• _TASK TO COMPLETE_: After finding the line with "forall n, \sum_(m <= j < n) a j <= l." in the data below, set down exactly each line through the one with "by rewrite exprS;", inclusive, and stop there.

[[ DATA FOR PROCESSING open ]]

(* Let $a_1,a_2,a_3,\dots$ be nonnegative real numbers with $\sum_{j\ge1}a_j=1$, and let $a=\sup\{a_1,a_2,\dots\}$. Then for every $k\ge2$ and $2\le i\le k$, $$\sum_{j_1+\dots+j_i=k}a_{j_1}a_{j_2}\cdots a_{j_i}\le(1-a_k)a,$$ where the sum runs over all $(j_1,\dots,j_i)$ of positive integers with $j_1+\dots+j_i=k$. In particular $\sum_{j_1+\dots+j_i=k}a_{j_1}\cdots a_{j_i}\le a$ for all $k\ge1$ and $1\le i\le k$. *)

From HB Require Import structures.
From mathcomp Require Import all_boot all_order all_algebra.
From mathcomp Require Import all_classical all_reals all_analysis.
Set Implicit Arguments. Unset Strict Implicit. Unset Printing Implicit Defensive.
Import Order.TTheory GRing.Theory Num.Theory.
Local Open Scope ring_scope.

(* comp_sum a k i = sum over all (j_1,...,j_i) of positive integers with
   j_1 + ... + j_i = k of a j_1 * ... * a j_i.
   Each j_t is <= k, so we range over functions 'I_i -> 'I_k.+1. *)
Definition comp_sum {R : numDomainType} (a : nat -> R) (k i : nat) : R :=
  \sum_(j : {ffun 'I_i -> 'I_k.+1} |
        [forall t, (0 < j t)%N] && ((\sum_(t < i) (j t : nat))%N == k))
    \prod_(t < i) a (j t).

From HB Require Import structures.
From mathcomp Require Import all_boot all_order all_algebra.
From mathcomp Require Import all_classical all_reals all_analysis.
From mathcomp Require Import zify.
Set Implicit Arguments. Unset Strict Implicit. Unset Printing Implicit Defensive.
Import Order.TTheory GRing.Theory Num.Theory.
Import numFieldNormedType.Exports.
Local Open Scope ring_scope.
Local Open Scope classical_set_scope.

(* Peel off the first part j_1 of a composition of k into i + 1 parts: it is
   determined by the other parts, j_1 = k - (j_2 + ... + j_(i+1)), so
   a_(j_1) <= a, and these other parts all lie in [1, k).  Summing
   a_(j_2) ... a_(j_(i+1)) over such parts with no further constraint gives
   (a_1 + ... + a_(k-1))^i, which is at most 1 - a_k when i >= 1. *)

Section FfunCons.
Variables (T : finType) (i : nat).

Definition ffun_cons (x : T) (g : {ffun 'I_i -> T}) : {ffun 'I_i.+1 -> T} :=
  [ffun t => if unlift ord0 t is Some t' then g t' else x].

Definition ffun_behead (f : {ffun 'I_i.+1 -> T}) : {ffun 'I_i -> T} :=
  [ffun t => f (lift ord0 t)].

Lemma ffun_cons0 x g : ffun_cons x g ord0 = x.
Proof. by rewrite ffunE unlift_none. Qed.

Lemma ffun_consS x g t : ffun_cons x g (lift ord0 t) = g t.
Proof. by rewrite ffunE liftK. Qed.

Lemma ffun_beheadK x g : ffun_behead (ffun_cons x g) = g.
Proof. by apply/ffunP=> t; rewrite ffunE ffun_consS. Qed.

Lemma ffun_consK (f : {ffun 'I_i.+1 -> T}) :
  ffun_cons (f ord0) (ffun_behead f) = f.
Proof.
by apply/ffunP=> t; rewrite ffunE; case: unliftP => [t'|] ->; rewrite ?ffunE.
Qed.

Lemma big_ffun_cons (R : Type) (idx : R) (op : Monoid.law idx) (F : T -> R) x g :
  \big[op/idx]_(t < i.+1) F (ffun_cons x g t) =
  op (F x) (\big[op/idx]_(t < i) F (g t)).
Proof.
by rewrite big_ord_recl ffun_cons0; under eq_bigr do rewrite ffun_consS.
Qed.

Lemma forall_ffun_cons (P : pred T) x g :
  [forall t, P (ffun_cons x g t)] = P x && [forall t, P (g t)].
Proof.
apply/forallP/andP => [Pxg | [Px /forallP Pg] t].
  split; first by have := Pxg ord0; rewrite ffun_cons0.
  by apply/forallP => t; have := Pxg (lift ord0 t); rewrite ffun_consS.
by rewrite ffunE; case: unlift.
Qed.

Lemma big_ffun_recl (R : Type) (idx : R) (op : Monoid.com_law idx)
    (F : {ffun 'I_i.+1 -> T} -> R) :
  \big[op/idx]_f F f =
  \big[op/idx]_(x : T) \big[op/idx]_(g : {ffun 'I_i -> T}) F (ffun_cons x g).
Proof.
have cons_bij : bijective (fun p : T * {ffun 'I_i -> T} => ffun_cons p.1 p.2).
  exists (fun f : {ffun 'I_i.+1 -> T} => (f ord0, ffun_behead f)).
    by move=> [x g] /=; rewrite ffun_cons0 ffun_beheadK.
  exact: ffun_consK.
by rewrite (reindex _ (onW_bij _ cons_bij)) pair_bigA.
Qed.

End FfunCons.

Lemma sum_ord_addn_eq (R : nmodType) (k m : nat) (F : 'I_k.+1 -> R) :
  \sum_(x : 'I_k.+1 | (0 < x)%N && (x + m == k)%N) F x =
  if (m < k)%N then F (inord (k - m)) else 0.
Proof.
case: ltnP => [m_lt_k | k_le_m].
  apply: big_pred1 => x /=; apply/andP/eqP => [[x_gt0 /eqP x_def] | ->].
    by apply/val_inj; rewrite /= inordK; lia.
  by rewrite inordK; lia.
by apply: big_pred0 => x; apply/negP => /andP[x_gt0 /eqP]; lia.
Qed.

Lemma sum_ord_range (R : nmodType) (k : nat) (a : nat -> R) :
  \sum_(j : 'I_k.+1 | (0 < j < k)%N) a j = \sum_(1 <= j < k) a j.
Proof.
by rewrite big_geq_mkord (big_ord_widen_cond k.+1 _ (fun j => a j)).
Qed.

Lemma comp_sum_recl (R : numDomainType) (a : nat -> R) (k i : nat) :
  comp_sum a k i.+1 =
  \sum_(g : {ffun 'I_i -> 'I_k.+1} | [forall t, (0 < g t)%N])
    \sum_(x : 'I_k.+1 | (0 < x)%N && (x + \sum_(t < i) (g t : nat) == k)%N)
      a x * \prod_(t < i) a (g t).
Proof.
rewrite /comp_sum big_mkcond big_ffun_recl exchange_big [RHS]big_mkcond /=.
apply: eq_bigr => g _; case: ifP => g_pos; last first.
  apply: big1 => x _.
  by rewrite (forall_ffun_cons (fun j : 'I_k.+1 => 0 < j)%N) g_pos andbF.
rewrite [RHS]big_mkcond; apply: eq_bigr => x _.
rewrite (forall_ffun_cons (fun j : 'I_k.+1 => 0 < j)%N) g_pos andbT.
rewrite (big_ffun_cons _ (fun j : 'I_k.+1 => j : nat)).
by rewrite (big_ffun_cons _ (fun j : 'I_k.+1 => a j)).
Qed.

Section CompSumBound.
Variables (R : numDomainType) (a : nat -> R) (s : R).
Hypotheses (a_ge0 : forall j, (0 < j)%N -> 0 <= a j)
           (a_le : forall j, (0 < j)%N -> a j <= s).

Lemma comp_sum_le k i :
  comp_sum a k i.+1 <= s * (\sum_(1 <= j < k) a j) ^+ i.
Proof.
have s_ge0 : 0 <= s by apply: le_trans (@a_ge0 1%N isT) (@a_le 1%N isT).
have prod_ge0 (g : {ffun 'I_i -> 'I_k.+1}) :
    [forall t, (0 < g t)%N] -> 0 <= \prod_(t < i) a (g t).
  by move/forallP=> g_pos; apply: prodr_ge0 => t _; apply: a_ge0.
rewrite comp_sum_recl -sum_ord_range -[in X in _ * X](card_ord i) -prodr_const.
rewrite bigA_distr_big mulr_sumr /=.
rewrite big_mkcond [leRHS]big_mkcond /=; apply: ler_sum => g _.
rewrite sum_ord_addn_eq; set rhs := (X in _ <= X).
have rhs_ge0 : 0 <= rhs.
  rewrite /rhs; case: ifP => [/ffun_onP g_in | _] //.
  rewrite mulr_ge0 // prodr_ge0 // => t _.
  by apply: a_ge0; case/andP: (g_in t).
case: ifP => [g_pos | _] //; case: ifP => [sum_lt | _] //.
have g_in : g \in ffun_on (fun j : 'I_k.+1 => (0 < j < k)%N).
  apply/ffun_onP => t; apply/andP; split; first exact: (forallP g_pos t).
  by apply: leq_ltn_trans sum_lt; rewrite (bigD1 t) //= leq_addr.
rewrite /rhs g_in ler_wpM2r ?prod_ge0 // a_le // inordK; lia.
Qed.
End CompSumBound.

Lemma partial_sum_le_lim (R : realType) (a : nat -> R) (m : nat) (l : R) :
  (forall j, (m <= j)%N -> 0 <= a j) ->
  (\sum_(m <= j < n) a j) @[n --> \oo] --> l ->
  forall n, \sum_(m <= j < n) a j <= l.
Proof.
move=> a_ge0 a_sum n.
have sum_nondecr :
    {homo (fun n => \sum_(m <= j < n) a j) : p q / (p <= q)%N >-> p <= q}.
  apply/nondecreasing_seqP => p /=; have [m_le_p | p_lt_m] := leqP m p.
    by rewrite [leRHS]big_nat_recr //= lerDl a_ge0.
  by rewrite !big_geq // ltnW.
have := nondecreasing_cvgn_le sum_nondecr (cvgP _ a_sum) n.
by rewrite (cvg_lim _ a_sum).
Qed.

Theorem lemma4 (R : realType) (a : nat -> R)
  (a_ge0 : forall j, (1 <= j)%N -> 0 <= a j)
  (a_sum : (\sum_(1 <= j < n) a j) @[n --> \oo] --> (1 : R)) :
  let s := sup [set a j | j in [set j : nat | (1 <= j)%N]] in
  (forall k i : nat, (2 <= k)%N -> (2 <= i <= k)%N ->
     comp_sum a k i <= (1 - a k) * s) /\
  (forall k i : nat, (1 <= k)%N -> (1 <= i <= k)%N ->
     comp_sum a k i <= s).
Proof.
move=> s.
have sum_le1 := partial_sum_le_lim a_ge0 a_sum.
have sum_ge0 n : 0 <= \sum_(1 <= j < n) a j.
  by rewrite big_nat sumr_ge0 // => j /andP[j_gt0 _]; apply: a_ge0.
have sum_below_le1B k : (0 < k)%N -> \sum_(1 <= j < k) a j <= 1 - a k.
  by move=> k_gt0; rewrite lerBrDr -big_nat_recr ?sum_le1.
have a_le1 j : (0 < j)%N -> a j <= 1.
  by move=> j_gt0; apply: le_trans (sum_le1 j.+1); rewrite big_nat_recr //= lerDr sum_ge0.
have a_le_s j : (0 < j)%N -> a j <= s.
  move=> j_gt0; apply: ub_le_sup; last by exists j.
  by exists 1 => _ [j' j'_gt0 <-]; apply: a_le1.
have s_ge0 : 0 <= s by apply: le_trans (a_ge0 1%N isT) (a_le_s 1%N isT).
split=> k [|i] k_gt /andP[i_ge _] //;
  apply: le_trans (comp_sum_le a_ge0 a_le_s k i) _.
- case: i i_ge => [|i] // _; rewrite mulrC ler_wpM2r //.
  apply: le_trans _ (sum_below_le1B k (ltnW k_gt)).
  by rewrite exprS; apply: ler_piMr; rewrite ?exprn_ile1 ?sum_ge0 ?sum_le1.
- by apply: ler_piMr; rewrite ?exprn_ile1 ?sum_ge0 ?sum_le1.
Qed.
(* For any real continuous function $f\in C(\Omega)$, $$\|[\mathcal D,\pi(M_f)]\|=\Big|\sqrt{L|Kf-f|^2}\Big|_\infty=\sup_{x\in\Omega}\sqrt{\frac{|f(x)-f(0x)|^2}{2}+\frac{|f(x)-f(1x)|^2}{2}}.$$
   Context: $\Omega=\{0,1\}^{\mathbb N}$ with the shift $\sigma$; for $a\in\{0,1\}$, $ax=(a,x_1,x_2,\dots)$. $\mu$ is the measure of maximal entropy (uniform Bernoulli product measure), $L^2(\mu)$ the Hilbert space of square-integrable functions. $|\cdot|_\infty$ is the supremum norm. Ruelle operator $L\phi(x)=\frac12(\phi(0x)+\phi(1x))$; Koopman operator $K\phi=\phi\circ\sigma$. For $f\in C(\Omega)$, $M_f$ is multiplication $g\mapsto fg$ on $L^2(\mu)$. On $\mathcal H=L^2(\mu)\times L^2(\mu)$ (norm $|(\phi_1,\phi_2)|^2=|\phi_1|^2+|\phi_2|^2$), $\mathcal D=\begin{pmatrix}0&K\\ L&0\end{pmatrix}$ and $\pi(A)=\begin{pmatrix}A&0\\0&A\end{pmatrix}$; $[\mathcal D,\pi(A)]=\mathcal D\pi(A)-\pi(A)\mathcal D$. $\|\cdot\|$ is the operator norm. *)

From HB Require Import structures.
From mathcomp Require Import all_boot all_order all_algebra.
From mathcomp Require Import all_classical all_reals.
From mathcomp Require Import topology normedtype cantor measure lebesgue_measure lebesgue_integral.
Set Implicit Arguments. Unset Strict Implicit. Unset Printing Implicit Defensive.
Import Order.TTheory GRing.Theory Num.Theory.
Import numFieldNormedType.Exports.
Local Open Scope classical_set_scope.
Local Open Scope ring_scope.

(* Omega = {0,1}^N (false = 0, true = 1), product topology (cantor_space),
   equipped with its Borel sigma-algebra (generated by the open sets). *)
Definition Omega : Type := g_sigma_algebraType (@open cantor_space).

Definition ocons (a : bool) (x : Omega) : Omega :=
  fun n => if n is k.+1 then x k else a.
Definition oshift (x : Omega) : Omega := fun n => x n.+1.

Definition cylinder (n : nat) (w : nat -> bool) : set Omega :=
  [set x | forall i, (i < n)%N -> x i = w i].

Definition is_uniform_bernoulli {R : realType} (mu : {measure set Omega -> \bar R}) :=
  forall n w, mu (cylinder n w) = ((2 ^- n : R)%:E).

Section Ops.
Context {R : realType}.
Definition ruelle (phi : Omega -> R) : Omega -> R :=
  fun x => (phi (ocons false x) + phi (ocons true x)) / 2.
Definition koopman (phi : Omega -> R) : Omega -> R := fun x => phi (oshift x).
Definition mult (f : Omega -> R) (g : Omega -> R) : Omega -> R := fun x => f x * g x.

Definition pairH := ((Omega -> R) * (Omega -> R))%type.
Definition Dop (p : pairH) : pairH := (koopman p.2, ruelle p.1).
Definition piop (A : (Omega -> R) -> Omega -> R) (p : pairH) : pairH :=
  (A p.1, A p.2).
Definition commutator (T S : pairH -> pairH) (p : pairH) : pairH :=
  ((T (S p)).1 - (S (T p)).1, (T (S p)).2 - (S (T p)).2).

Variable mu : {measure set Omega -> \bar R}.
Definition inL2 (phi : Omega -> R) :=
  measurable_fun [set: Omega] phi /\ (\int[mu]_x ((phi x ^+ 2)%:E) < +oo)%E.
Definition L2sq (phi : Omega -> R) : R := fine (\int[mu]_x ((phi x ^+ 2)%:E)).
Definition Hnorm (p : pairH) : R := Num.sqrt (L2sq p.1 + L2sq p.2).
Definition opnorm (T : pairH -> pairH) : R :=
  sup [set Hnorm (T p) | p in [set p : pairH | inL2 p.1 /\ inL2 p.2 /\ Hnorm p <= 1]].
End Ops.

Definition supnorm {R : realType} (g : Omega -> R) : R := sup (range (fun x => `|g x|)).

From HB Require Import structures.
From mathcomp Require Import all_boot all_order all_algebra.
From mathcomp Require Import all_classical all_reals.
From mathcomp Require Import topology normedtype cantor measure lebesgue_measure lebesgue_integral.
From mathcomp Require Import interval_inference measurable_realfun realfun numfun ring lra.
Import Order.TTheory GRing.Theory Num.Theory.
Import numFieldNormedType.Exports.
Local Open Scope classical_set_scope.
Local Open Scope ring_scope.

(* Write C for [D, pi(M_f)] and H for L|Kf - f|^2.  The first component of
   C(phi1, phi2) is (Kf - f) K phi2; since L(g K h) = (L g) h and the uniform
   Bernoulli measure is L-invariant, its squared L^2 norm is the integral of
   H phi2^2.  The second component is L((f - Kf) phi1), whose square is at most
   H L(phi1^2) by Cauchy-Schwarz for the average L; integrating once more gives
   |C| <= |sqrt H|_oo.  Conversely, as H is continuous, testing C on
   (0, 2^(n/2) 1_Z) for a small cylinder Z around a point x gives |C|^2 >= H(x) - e. *)

Lemma sqrtr_le (R : rcfType) (a b : R) : 0 <= b -> (Num.sqrt a <= b) = (a <= b ^+ 2).
Proof. by move=> b_ge0; rewrite -[b in LHS]ger0_norm // -sqrtr_sqr ler_sqrt ?sqr_ge0. Qed.

Section ScaledIntegrals.
Context d (T : measurableType d) (R : realType) (mu : {measure set T -> \bar R}).
Variables (u v : T -> R) (c : R).
Hypotheses (mfu : measurable_fun setT u) (mfv : measurable_fun setT v).
Hypotheses (u_ge0 : forall x, 0 <= u x) (v_ge0 : forall x, 0 <= v x) (c_ge0 : 0 <= c).

Lemma integral_le_scale : (forall x, u x <= c * v x) ->
  (\int[mu]_x (u x)%:E <= c%:E * \int[mu]_x (v x)%:E)%E.
Proof.
move=> uv; rewrite -ge0_integralZl_EFin //; last first.
- exact/measurable_EFinP.
- by move=> x _; rewrite lee_fin.
apply: ge0_le_integral => //.
- by move=> x _; rewrite lee_fin.
- exact/measurable_EFinP.
- by apply/measurable_EFinP; exact: measurable_funM.
- by move=> x _; rewrite lee_fin.
Qed.

Lemma scale_le_integral : (forall x, c * v x <= u x) ->
  (c%:E * \int[mu]_x (v x)%:E <= \int[mu]_x (u x)%:E)%E.
Proof.
move=> vu; rewrite -ge0_integralZl_EFin //; last first.
- exact/measurable_EFinP.
- by move=> x _; rewrite lee_fin.
apply: ge0_le_integral => //.
- by move=> x _; rewrite lee_fin mulr_ge0.
- by apply/measurable_EFinP; exact: measurable_funM.
- exact/measurable_EFinP.
- by move=> x _; rewrite lee_fin.
Qed.

End ScaledIntegrals.

Lemma cylinder0 w : cylinder 0 w = setT.
Proof. by apply/seteqP; split => // y _ i. Qed.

[[ DATA FOR PROCESSING closed ]]

• _ANSWER FOR THE TASK_:
  forall n, \sum_(m <= j < n) a j <= l.
Proof.
move=> a_ge0 a_sum n.
have sum_nondecr :
    {homo (fun n => \sum_(m <= j < n) a j) : p q / (p <= q)%N >-> p <= q}.
  apply/nondecreasing_seqP => p /=; have [m_le_p | p_lt_m] := leqP m p.
    by rewrite [leRHS]big_nat_recr //= lerDl a_ge0.
  by rewrite !big_geq // ltnW.
have := nondecreasing_cvgn_le sum_nondecr (cvgP _ a_sum) n.
by rewrite (cvg_lim _ a_sum).
Qed.

Theorem lemma4 (R : realType) (a : nat -> R)
  (a_ge0 : forall j, (1 <= j)%N -> 0 <= a j)
  (a_sum : (\sum_(1 <= j < n) a j) @[n --> \oo] --> (1 : R)) :
  let s := sup [set a j | j in [set j : nat | (1 <= j)%N]] in
  (forall k i : nat, (2 <= k)%N -> (2 <= i <= k)%N ->
     comp_sum a k i <= (1 - a k) * s) /\
  (forall k i : nat, (1 <= k)%N -> (1 <= i <= k)%N ->
     comp_sum a k i <= s).
Proof.
move=> s.
have sum_le1 := partial_sum_le_lim a_ge0 a_sum.
have sum_ge0 n : 0 <= \sum_(1 <= j < n) a j.
  by rewrite big_nat sumr_ge0 // => j /andP[j_gt0 _]; apply: a_ge0.
have sum_below_le1B k : (0 < k)%N -> \sum_(1 <= j < k) a j <= 1 - a k.
  by move=> k_gt0; rewrite lerBrDr -big_nat_recr ?sum_le1.
have a_le1 j : (0 < j)%N -> a j <= 1.
  by move=> j_gt0; apply: le_trans (sum_le1 j.+1); rewrite big_nat_recr //= lerDr sum_ge0.
have a_le_s j : (0 < j)%N -> a j <= s.
  move=> j_gt0; apply: ub_le_sup; last by exists j.
  by exists 1 => _ [j' j'_gt0 <-]; apply: a_le1.
have s_ge0 : 0 <= s by apply: le_trans (a_ge0 1%N isT) (a_le_s 1%N isT).
split=> k [|i] k_gt /andP[i_ge _] //;
  apply: le_trans (comp_sum_le a_ge0 a_le_s k i) _.
- case: i i_ge => [|i] // _; rewrite mulrC ler_wpM2r //.
  apply: le_trans _ (sum_below_le1B k (ltnW k_gt)).
  by rewrite exprS; apply: ler_piMr; rewrite ?exprn_ile1 ?sum_ge0 ?sum_le1.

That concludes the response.